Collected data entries
(* Every symbolic power I^(m), m > 0, of an unmixed ideal I lies in I.  If
   x L^t ⊆ I^m but x ∉ I, a maximal colon ideal Q = I : xg is an associated
   prime of I, so ht Q = ht I.  No embedded prime P of I^m lies in Q: a prime
   strictly between I^m and P would force ht Q > ht I.  Hence a maximal colon
   ideal I^m : s with s ∉ Q puts s in every embedded prime, i.e. in L, and
   s^t ∈ L^t ⊆ Q contradicts s ∉ Q.  Maximal colon ideals exist because S is
   Noetherian (Dickson's lemma on leading monomials).
   Next, I^(2) ⊆ I and (I^(2))^2 ⊆ I^3 give (I^(2))^q ⊆ I^(q + ⌊q/2⌋).  Since
   I^(k-1) is a sum of ideals (I^(1))^(k-1-2j) (I^(2))^j, a product of two
   generators lies in I^(2k-2-q+⌊q/2⌋) with q = j + j' ≤ k - 1, and
   2k-2-q+⌊q/2⌋ ≥ k. *)

Lemma exists_argmin_after (h : nat -> nat) (a : nat) :
  exists j, a < j /\ forall j', a < j' -> h j <= h j'.
Proof.
suff H v j : a < j -> h j = v -> exists j, a < j /\ forall j', a < j' -> h j <= h j'.
  exact: (H _ a.+1).
elim/ltn_ind: v j => v IH j aj hjv.
have [[j' [aj' lt_j'v]]|no_smaller] := classic (exists j', a < j' /\ h j' < v).
  exact: IH lt_j'v j' aj' erefl.
exists j; split=> // j' aj'; rewrite hjv leqNgt; apply/negP => lt_j'v.
by apply: no_smaller; exists j'.
Qed.

Lemma exists_nondecreasing_subseq (h : nat -> nat) : exists phi : nat -> nat,
  (forall i, phi i < phi i.+1) /\ (forall i, h (phi i) <= h (phi i.+1)).
Proof.
have [nxt nxtP] := choice _ (exists_argmin_after h).
exists (fun i => iter i.+1 nxt 0); split=> i; first exact: (nxtP _).1.
apply: (nxtP (iter i nxt 0)).2.
exact: ltn_trans (nxtP _).1 (nxtP _).1.
Qed.

Lemma exists_subseq_nondecreasing_on (T : eqType) (g : nat -> T -> nat) (s : seq T) :
  exists phi : nat -> nat, {homo phi : i j / i < j} /\
    forall c, c \in s -> {homo (fun i => g (phi i) c) : i j / i <= j}.
Proof.
elim: s => [|c s [phi [phi_mono phi_le]]]; first by exists id; split.
have [psi [psi_lt psi_le]] := exists_nondecreasing_subseq (fun i => g (phi i) c).
have psi_mono : {homo psi : i j / i < j} := homo_ltn ltn_trans psi_lt.
exists (phi \o psi); split=> [i j /psi_mono/phi_mono //|c'].
rewrite inE => /predU1P[->|c's] i j ij; first exact: (homo_leq leqnn leq_trans psi_le).
by apply: phi_le => //; apply: ltnW_homo.
Qed.

Lemma dickson (n : nat) (f : nat -> 'X_{1..n}) :
  exists i j, i < j /\ (f i <= f j)%MM.
Proof.
have [phi [phi_mono phi_le]] :=
  exists_subseq_nondecreasing_on (fun i (c : 'I_n) => f i c) (enum 'I_n).
exists (phi 0), (phi 1); split; first exact: phi_mono.
by apply/mnm_lepP => c; apply: phi_le; rewrite ?mem_enum.
Qed.

Local Open Scope ring_scope.

Section IdealAlgebra.
Variables (n : nat) (K : fieldType).
Local Notation S := {mpoly K[n]}.
Implicit Types (A B C D I J X : S -> Prop) (x y z r : S).

Lemma ideal_big (T : eqType) C (s : seq T) (F : T -> S) : is_ideal C ->
  (forall p, p \in s -> C (F p)) -> C (\sum_(p <- s) F p).
Proof.
case=> C0 CD _; elim: s => [|p s IH] Fs; first by rewrite big_nil.
rewrite big_cons; apply: CD; first by apply: Fs; rewrite mem_head.
by apply: IH => q qs; apply: Fs; rewrite inE qs orbT.
Qed.

Lemma ideal_mul_ideal A B : (forall r x, A x -> A (r * x)) -> is_ideal (ideal_mul A B).
Proof.
move=> AM; split.
- by exists [::]; rewrite big_nil.
- move=> _ _ [s1 [H1 ->]] [s2 [H2 ->]]; exists (s1 ++ s2); split.
    by move=> p; rewrite mem_cat => /orP[/H1|/H2].
  by rewrite big_cat.
- move=> r _ [s [H ->]]; exists [seq (r * p.1, p.2) | p <- s]; split.
    by move=> _ /mapP[q qs ->] /=; have [Aq Bq] := H q qs; split=> //; apply: AM.
  by rewrite big_map mulr_sumr; apply: eq_bigr => p _; rewrite mulrA.
Qed.

Lemma ideal_pow_ideal A k : is_ideal (ideal_pow A k).
Proof. by elim: k => [|k [_ _ IHM]] //=; apply: ideal_mul_ideal. Qed.

Lemma ideal_mul_mem A B x y : A x -> B y -> ideal_mul A B (x * y).
Proof.
move=> Ax By; exists [:: (x, y)]; split; last by rewrite big_seq1.
by move=> p; rewrite inE => /eqP->.
Qed.

Lemma ideal_mulr_sub C A B x y : is_ideal C ->
  (forall a b, A a -> B b -> C (x * (a * b))) -> ideal_mul A B y -> C (x * y).
Proof.
move=> idC H [s [Hs ->]]; rewrite mulr_sumr; apply: ideal_big => // p ps.
by have [] := Hs p ps; apply: H.
Qed.

Lemma ideal_mull_sub C A B x y : is_ideal C ->
  (forall a b, A a -> B b -> C (a * b * y)) -> ideal_mul A B x -> C (x * y).
Proof.
move=> idC H Ax; rewrite mulrC; apply: (ideal_mulr_sub idC) Ax => a b Aa Bb.
by rewrite mulrC; apply: H.
Qed.

Lemma ideal_mul_sub C A B : is_ideal C ->
  (forall a b, A a -> B b -> C (a * b)) -> sub_set (ideal_mul A B) C.
Proof.
move=> idC H x Ax; rewrite -[x]mul1r; apply: (ideal_mulr_sub idC) Ax => a b Aa Bb.
by rewrite mul1r; apply: H.
Qed.

Lemma ideal_mulS A A' B B' : sub_set A A' -> sub_set B B' ->
  sub_set (ideal_mul A B) (ideal_mul A' B').
Proof.
move=> sA sB _ [s [Hs ->]]; exists s; split=> // p ps.
by have [Ap Bp] := Hs p ps; split; [apply: sA | apply: sB].
Qed.

Lemma ideal_mul_subl A B : is_ideal A -> sub_set (ideal_mul A B) A.
Proof.
move=> idA; apply: ideal_mul_sub => // a b Aa _.
by rewrite mulrC; case: idA => _ _; apply.
Qed.

Lemma ideal_powD A p q x y : ideal_pow A p x -> ideal_pow A q y ->
  ideal_pow A (p + q) (x * y).
Proof.
elim: q y => [|q IH] y Ax Ay.
  by rewrite addn0 mulrC; case: (ideal_pow_ideal A p) => _ _; apply.
rewrite addnS; apply: (ideal_mulr_sub (ideal_pow_ideal A (p + q).+1)) Ay => a b Aa Ab.
by rewrite mulrA; apply: ideal_mul_mem => //; apply: IH.
Qed.

Lemma ideal_powS A B k : sub_set A B -> sub_set (ideal_pow A k) (ideal_pow B k).
Proof. by move=> sAB; elim: k => [|k IH] //=; apply: ideal_mulS. Qed.

Lemma ideal_pow_leq A p q : (p <= q)%N -> sub_set (ideal_pow A q) (ideal_pow A p).
Proof.
move=> /subnK <- x; rewrite addnC; elim: (q - p)%N x => [|d IH] x; first by rewrite addn0.
by rewrite addnS => /(ideal_mul_subl (ideal_pow_ideal A _)) /IH.
Qed.

Lemma ideal_pow1_sub I : is_ideal I -> sub_set (ideal_pow I 1) I.
Proof. by move=> idI; apply: ideal_mul_sub => // a b _; case: idI => _ _; apply. Qed.

Lemma ideal_mul_interchange A B C D x y : (forall r a, A a -> A (r * a)) ->
  ideal_mul A B x -> ideal_mul C D y ->
  ideal_mul (ideal_mul A C) (ideal_mul B D) (x * y).
Proof.
move=> AM ABx CDy; have [_ _ ACM] := ideal_mul_ideal C AM.
have idZ := ideal_mul_ideal (ideal_mul B D) ACM.
apply: (ideal_mull_sub idZ) ABx => a b Aa Bb.
apply: (ideal_mulr_sub idZ) CDy => c d Cc Dd.
have -> : a * b * (c * d) = (a * c) * (b * d) by ring.
by apply: ideal_mul_mem; apply: ideal_mul_mem.
Qed.

Lemma ideal_pow_exp A y t : A y -> ideal_pow A t (y ^+ t).
Proof. by move=> Ay; elim: t => [|t IH] //=; rewrite exprSr; apply: ideal_mul_mem. Qed.

Lemma prime_exp P y t : is_prime P -> P (y ^+ t) -> P y.
Proof.
case=> _ P1 Pmul; elim: t => [|t IH]; first by rewrite expr0.
by rewrite exprS => /Pmul[|/IH].
Qed.

Lemma prime_sub_pow P I t : is_prime P -> sub_set (ideal_pow I t) P -> sub_set I P.
Proof. by move=> pP sIP y Iy; apply: (prime_exp (t := t) pP); apply/sIP/ideal_pow_exp. Qed.

Lemma colon1E X f z : colon X (fun y => y = f) z <-> X (z * f).
Proof. by split=> [H|H y ->]; [apply: H|]. Qed.

Lemma colon_ideal X J : is_ideal X -> is_ideal (colon X J).
Proof.
case=> X0 XD XM; split.
- by move=> y _; rewrite mul0r.
- by move=> x y Cx Cy z Jz; rewrite mulrDl; apply: XD; [apply: Cx|apply: Cy].
- by move=> r x Cx z Jz; rewrite -mulrA; apply: XM; apply: Cx.
Qed.

Lemma ideal_sum_sub (T : eqType) (s : seq T) (F : T -> S -> Prop) (P : S -> Prop) :
  P 0 -> (forall x y, P x -> P y -> P (x + y)) ->
  (forall j, j \in s -> sub_set (F j) P) -> sub_set (ideal_sum (map F s)) P.
Proof.
move=> P0 PD; elim: s => [|j s IH] FP x /=; first by move->.
move=> [y [z [Fy [Sz ->]]]]; apply: PD; first by apply: (FP j) => //; rewrite mem_head.
by apply: IH => // j' j's; apply: FP; rewrite inE j's orbT.
Qed.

REQUIRED ACTION:
Keeping every character as it is, restate the lines above that run from the line with "Lemma ideal_mul_subl A" through the line with "Lemma prime_sub_pow P", both included, and nothing else.

TASK RESULT:
Lemma ideal_mul_subl A B : is_ideal A -> sub_set (ideal_mul A B) A.
Proof.
move=> idA; apply: ideal_mul_sub => // a b Aa _.
by rewrite mulrC; case: idA => _ _; apply.
Qed.

Lemma ideal_powD A p q x y : ideal_pow A p x -> ideal_pow A q y ->
  ideal_pow A (p + q) (x * y).
Proof.
elim: q y => [|q IH] y Ax Ay.
  by rewrite addn0 mulrC; case: (ideal_pow_ideal A p) => _ _; apply.
rewrite addnS; apply: (ideal_mulr_sub (ideal_pow_ideal A (p + q).+1)) Ay => a b Aa Ab.
by rewrite mulrA; apply: ideal_mul_mem => //; apply: IH.
Qed.

Lemma ideal_powS A B k : sub_set A B -> sub_set (ideal_pow A k) (ideal_pow B k).
Proof. by move=> sAB; elim: k => [|k IH] //=; apply: ideal_mulS. Qed.

Lemma ideal_pow_leq A p q : (p <= q)%N -> sub_set (ideal_pow A q) (ideal_pow A p).
Proof.
move=> /subnK <- x; rewrite addnC; elim: (q - p)%N x => [|d IH] x; first by rewrite addn0.
by rewrite addnS => /(ideal_mul_subl (ideal_pow_ideal A _)) /IH.
Qed.

Lemma ideal_pow1_sub I : is_ideal I -> sub_set (ideal_pow I 1) I.
Proof. by move=> idI; apply: ideal_mul_sub => // a b _; case: idI => _ _; apply. Qed.

Lemma ideal_mul_interchange A B C D x y : (forall r a, A a -> A (r * a)) ->
  ideal_mul A B x -> ideal_mul C D y ->
  ideal_mul (ideal_mul A C) (ideal_mul B D) (x * y).
Proof.
move=> AM ABx CDy; have [_ _ ACM] := ideal_mul_ideal C AM.
have idZ := ideal_mul_ideal (ideal_mul B D) ACM.
apply: (ideal_mull_sub idZ) ABx => a b Aa Bb.
apply: (ideal_mulr_sub idZ) CDy => c d Cc Dd.
have -> : a * b * (c * d) = (a * c) * (b * d) by ring.
by apply: ideal_mul_mem; apply: ideal_mul_mem.
Qed.

Lemma ideal_pow_exp A y t : A y -> ideal_pow A t (y ^+ t).
Proof. by move=> Ay; elim: t => [|t IH] //=; rewrite exprSr; apply: ideal_mul_mem. Qed.

Lemma prime_exp P y t : is_prime P -> P (y ^+ t) -> P y.
Proof.
case=> _ P1 Pmul; elim: t => [|t IH]; first by rewrite expr0.
by rewrite exprS => /Pmul[|/IH].
Qed.

Lemma prime_sub_pow P I t : is_prime P -> sub_set (ideal_pow I t) P -> sub_set I P.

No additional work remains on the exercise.